If energy poverty and access is such a pressing social problem, why do we need to involve governments in addressing it at all? In other words, why won’t the market devise solutions and innovative business models for expanding access to modern energy services? Or, why don’t major institutions like the United Nations or the World Bank tackle the pesky issue once and for all as part of their donor agendas?
This essay demonstrates why. It argues that energy poverty arises from a market failure that only governments and public institutions are well-suited to engage. It then presents evidence that without strong public policy intervention geared towards expanding energy access, particularly in rural communities, hundreds of millions of people will remain mired in energy insecurity and human poverty for many decades to come.
Markets and intervention
It is useful briefly to delve into some basic theory about markets and government intervention. One quite fundamental problem is that markets only work for certain types of goods. They tend to be efficient at distributing private goods such as bicycles or hamburgers – where property rights can be completely defined and protected, where owners can exclude others from access, and where property rights can be transferred or sold – but less effective for common-pool goods or public goods that need agreed-upon rules or sanctions. Unfettered economic markets are almost completely ineffective at distributing public goods such as clean air or improved energy security, for instance.
It is no surprise, then, that an extremely large number of people around the world do not receive modern energy services, especially through mini-grids or devices beyond solar home systems that lack business channels, because of a market failure to deliver them – a situation in which neither private actors nor major donors expand energy networks to reach a socially desirable state. Instead, the very poor fall through the cracks and are too politically distant and economically costly to provide with energy services, even under many international programmes. Rural communities in off-grid villages often fall into this category, so that energy access becomes a higher development goal, not a lower one.
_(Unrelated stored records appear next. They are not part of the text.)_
Lemma kab_oppE x : phi x = 0 -> kab_opp (kab x) = kab (ginv x).
Proof.
move=> x0; apply/kabP; rewrite ?homZV ?kab_repr0 ?x0 ?oppr0 //.
have -> : ginv (ginv (kab_repr (kab x))) ** ginv x =
    gconj (ginv x) (ginv (ginv (kab_repr (kab x)) ** x)).
  by rewrite /gconj !ginvK ginvM ginvK gmulA gmulrV gmul1.
exact/commK_gconj/gen_inv/kab_reprP.
Qed.

Lemma kab_addA : associative kab_add.
Proof.
elim/kab_ind=> x x0; elim/kab_ind=> y y0; elim/kab_ind=> z z0.
by rewrite !kab_addE ?gmulA // phi_hom ?x0 ?y0 ?z0 ?addr0.
Qed.

(* The commutator of two kernel elements lies in [[K,K]]. *)
Lemma kab_addC : commutative kab_add.
Proof.
elim/kab_ind=> x x0; elim/kab_ind=> y y0.
rewrite !kab_addE //; apply/kabP; rewrite ?phi_hom ?x0 ?y0 ?addr0 // ginvM.
by apply: gen_base; exists y, x.
Qed.

Lemma kab_add0 : left_id (kab (gone pi)) kab_add.
Proof. by elim/kab_ind=> x x0; rewrite kab_addE ?gmul1 ?homZ1. Qed.

Lemma kab_addN : left_inverse (kab (gone pi)) kab_opp kab_add.
Proof. by elim/kab_ind=> x x0; rewrite kab_oppE // kab_addE ?gmulV ?homZV ?x0 ?oppr0. Qed.

HB.instance Definition _ := GRing.isZmodule.Build Kab kab_addA kab_addC kab_add0 kab_addN.

Lemma kabM x y : phi x = 0 -> phi y = 0 -> kab (x ** y) = kab x + kab y.
Proof. by move=> x0 y0; rewrite -kab_addE. Qed.

Lemma kabV x : phi x = 0 -> kab (ginv x) = - kab x.
Proof. by move=> x0; rewrite -kab_oppE. Qed.

Lemma kab1 : kab (gone pi) = 0.
Proof. by []. Qed.

Lemma kab_eq0 x : phi x = 0 -> kab x = 0 <-> commK x.
Proof.
move=> x0; rewrite -kab1 kabP ?homZ1 //; split=> [/gen_inv | cx].
  by rewrite ginvM ginvK ginv1 gmul1.
by rewrite gmulr1; exact: gen_inv.
Qed.

Lemma kab_gconj_ker k x : phi k = 0 -> phi x = 0 -> kab (gconj k x) = kab x.
Proof.
move=> k0 x0; have kV0 : phi (ginv k) = 0 by rewrite homZV // k0 oppr0.
rewrite /gconj !kabM ?phi_hom ?kV0 ?x0 ?addr0 // kabV //.
by rewrite addrC addrA addrN add0r.
Qed.

Lemma kab_gpw x n : phi x = 0 -> kab (gpw x n) = kab x *+ n.
Proof.
move=> x0; elim: n => [|n IH]; first by rewrite mulr0n.
by rewrite gpwS kabM ?homZ_gpw ?x0 ?mulr0 // IH mulrS.
Qed.

Lemma kab_gpow x z : phi x = 0 -> kab (gpow x z) = kab x *~ z.
Proof.
move=> x0; case: z => n; first exact: kab_gpw.
have xV0 : phi (ginv x) = 0 by rewrite homZV // x0 oppr0.
change (gpow x (Negz n)) with (gpw (ginv x) n.+1).
by rewrite kab_gpw // kabV // NegzE mulrNz -mulNrn.
Qed.

Lemma kab_prod_list (I : Type) (F : I -> pi) (l : seq I) :
  (forall i, phi (F i) = 0) -> kab (prod_list (map F l)) = \sum_(i <- l) kab (F i).
Proof.
move=> F0; elim: l => [|i l IH]; first by rewrite big_nil.
by rewrite big_cons -IH -kabM ?F0 ?homZ_prod_list ?big1.
Qed.

Variable s : pi.

Definition kab_shift (X : Kab) : Kab := kab (gconj s (kab_repr X)).

Lemma kab_shiftE x : phi x = 0 -> kab_shift (kab x) = kab (gconj s x).
Proof.
move=> x0; apply/kabP; rewrite ?homZ_gconj ?kab_repr0 //.
by rewrite -gconjV -gconjM; exact/commK_gconj/kab_reprP.
Qed.

Lemma kab_shift_is_zmod_morphism : zmod_morphism kab_shift.
Proof.
elim/kab_ind=> x x0; elim/kab_ind=> y y0.
have yV0 : phi (ginv y) = 0 by rewrite homZV // y0 oppr0.
rewrite -kabV // -kabM ?kab_shiftE ?phi_hom ?x0 ?yV0 ?addr0 //.
by rewrite gconjM gconjV kabM ?kabV ?homZV ?homZ_gconj ?x0 ?y0 ?oppr0.
Qed.
HB.instance Definition _ := GRing.isZmodMorphism.Build Kab Kab kab_shift
  kab_shift_is_zmod_morphism.

Lemma kab_shift_inj : injective kab_shift.
Proof.
apply: raddf_inj; elim/kab_ind=> x x0 /=; rewrite kab_shiftE // => /kab_eq0.
rewrite homZ_gconj // => /(_ x0) /(commK_gconj (ginv s)); rewrite gconjK => cx.
exact/kab_eq0.
Qed.

Lemma iter_kab_shift g n x : phi g = phi s -> phi x = 0 ->
  iter n kab_shift (kab x) = kab (iter n (gconj g) x).
Proof.
move=> gs x0; elim: n => [//|n IH].
have lift_s y : gconj g y = gconj (ginv s ** g) (gconj s y) by rewrite -gconjMr gmulVKr.
rewrite !iterS IH lift_s kab_shiftE ?homZ_iter_gconj // [in RHS]kab_gconj_ker //.
  by rewrite phi_hom homZV // gs addNr.
by rewrite homZ_gconj // homZ_iter_gconj.
Qed.

Lemma homZ_act p x : phi x = 0 -> phi (act s p x) = 0.
Proof.
move=> x0; rewrite /act homZ_prod_list // big1 // => i _.
by rewrite homZ_gpow // tpowE homZ_iter_gconj // x0 mulr0.
Qed.

Lemma homZ_evalv n (k : 'I_n -> pi) v : (forall j, phi (k j) = 0) -> phi (evalv s k v) = 0.
Proof. by move=> k0; rewrite /evalv homZ_prod_list // big1 // => j _; rewrite homZ_act. Qed.

Lemma kab_act p x : phi x = 0 -> kab (act s p x) = pact kab_shift p (kab x).
Proof.
move=> x0; rewrite /act kab_prod_list => [|i]; last first.
  by rewrite homZ_gpow // tpowE homZ_iter_gconj // x0 mulr0.
rewrite /pact -(big_mkord xpredT (fun i => iter i kab_shift (kab x) *~ p`_i)).
rewrite /index_iota subn0; apply: eq_bigr => i _.
by rewrite kab_gpow tpowE ?homZ_iter_gconj // (iter_kab_shift i (erefl (phi s))).
Qed.

Lemma kab_evalv n (k : 'I_n -> pi) (v : 'rV[{poly int}]_n) : (forall j, phi (k j) = 0) ->
  kab (evalv s k v) = \sum_(j <- enum 'I_n) pact kab_shift (v ord0 j) (kab (k j)).
Proof.
move=> k0; rewrite /evalv kab_prod_list => [|j]; last exact: homZ_act.
by apply: eq_bigr => j _; rewrite kab_act.
Qed.

(* A polynomial killing the Alexander module kills [e_j], so for each [j]
   some [t^N g e_j] is a combination of relations; the determinant of the
   resulting diagonal matrix is a combination of maximal minors of [A]. *)
Lemma gcd_minors_ldvd_annihilator n m (k : 'I_n -> pi) (A : 'M[{poly int}]_(m, n)) d g :
  presents phi s k A -> gcd_minors A d -> (forall X, pact kab_shift g X = 0) ->
  exists a, ldvd d ('X^a * g ^+ n).
Proof.
move=> [k0 _ _ rel_span] [d_minors _] g_ann.
have rel (j : 'I_n) : exists Nw : nat * 'rV[{poly int}]_m,
    'X^(Nw.1) *: (\row_l (if l == j then g else 0)) = Nw.2 *m A.
  suff /rel_span [N [w e]] : in_commK phi (evalv s k (\row_l (if l == j then g else 0))).
    by exists (N, w).
  apply/kab_eq0; first exact: homZ_evalv.
  rewrite kab_evalv // big1_seq // => l _; rewrite mxE.
  by case: eqP => _; rewrite ?g_ann ?pact0p.
have [Nw relNw] := fin_all_exists rel.
pose W := \matrix_(j, l) (Nw j).2 ord0 l.
have WA : W *m A = diag_mx (\row_j ('X^((Nw j).1) * g)).
  apply/matrixP => j l; have := congr1 (fun M : 'rV[{poly int}]_n => M ord0 l) (relNw j).
  rewrite !mxE => rel_jl; under eq_bigr do rewrite mxE.
  by rewrite -rel_jl eq_sym; case: (j == l); rewrite ?mulr0.
exists (\sum_j (Nw j).1)%N.
have := det_mulmx_rowsub W A; rewrite WA det_diag.
under eq_bigr do rewrite mxE; rewrite big_split /= -prodrXr prodr_const card_ord => ->.
by apply: ldvd_sum => f; apply: ldvd_mull; exact: d_minors.
Qed.

Section BaseGroupImage.
Variables (B : group) (psi : B -> B) (iota : B -> pi).
Hypotheses (B_fin_gen : fin_gen B) (iota_hom : is_hom iota)
           (iota0 : forall b, phi (iota b) = 0).

(* The generators are padded with [1] so that the index type is nonempty. *)
Lemma kab_image_span : exists r (bs : 'I_r.+1 -> B),
  forall b, exists c : 'I_r.+1 -> int, kab (iota b) = \sum_j kab (iota (bs j)) *~ c j.
Proof.
have [R [gB gB_gen]] := B_fin_gen.
pose bs i := oapp gB (gone B) (unlift ord_max i).
exists R, bs => b; elim: (gB_gen b) => {b} [_ [i ->]| |x y _ [cx ex] _ [cy ey]|x _ [c e]].
- exists (fun j => (j == lift ord_max i)%:Z).
  rewrite (bigD1 (lift ord_max i)) //= eqxx mulr1z big1 ?addr0 => [|j /negbTE ->].
    by rewrite /bs liftK.
  by rewrite mulr0z.
- by exists (fun _ => 0); rewrite (hom1 iota_hom) kab1 big1 // => j _; rewrite mulr0z.
- exists (fun j => cx j + cy j); rewrite iota_hom kabM // ex ey -big_split /=.
  by apply: eq_bigr => j _; rewrite mulrzDr.
- exists (fun j => - c j); rewrite (homV iota_hom) kabV // e -sumrN.
  by apply: eq_bigr => j _; rewrite mulrNz.
Qed.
Energy security and reductions in energy poverty will happen only when more basic needs, such as the repayment of debt, financing of education and satisfaction of community responsibilities, are accomplished. In addition, many multilateral financial institutions such as the Asian Development Bank and the World Bank must demonstrate positive cost-benefit ratios for all of their projects, since they are indeed usually giving loans rather than grants, and many energy access projects have timelines that are too risky for these development partners. Making matters worse, rural communities are characterised by poverty and low population densities; with fewer households demanding less energy per household, utilities face much higher costs to supply each unit of electricity consumed. In contrast, in urban slums, where electricity theft is common, utilities struggle with how to bill informal settlements that often do not meet the legal requirements to become regular customers.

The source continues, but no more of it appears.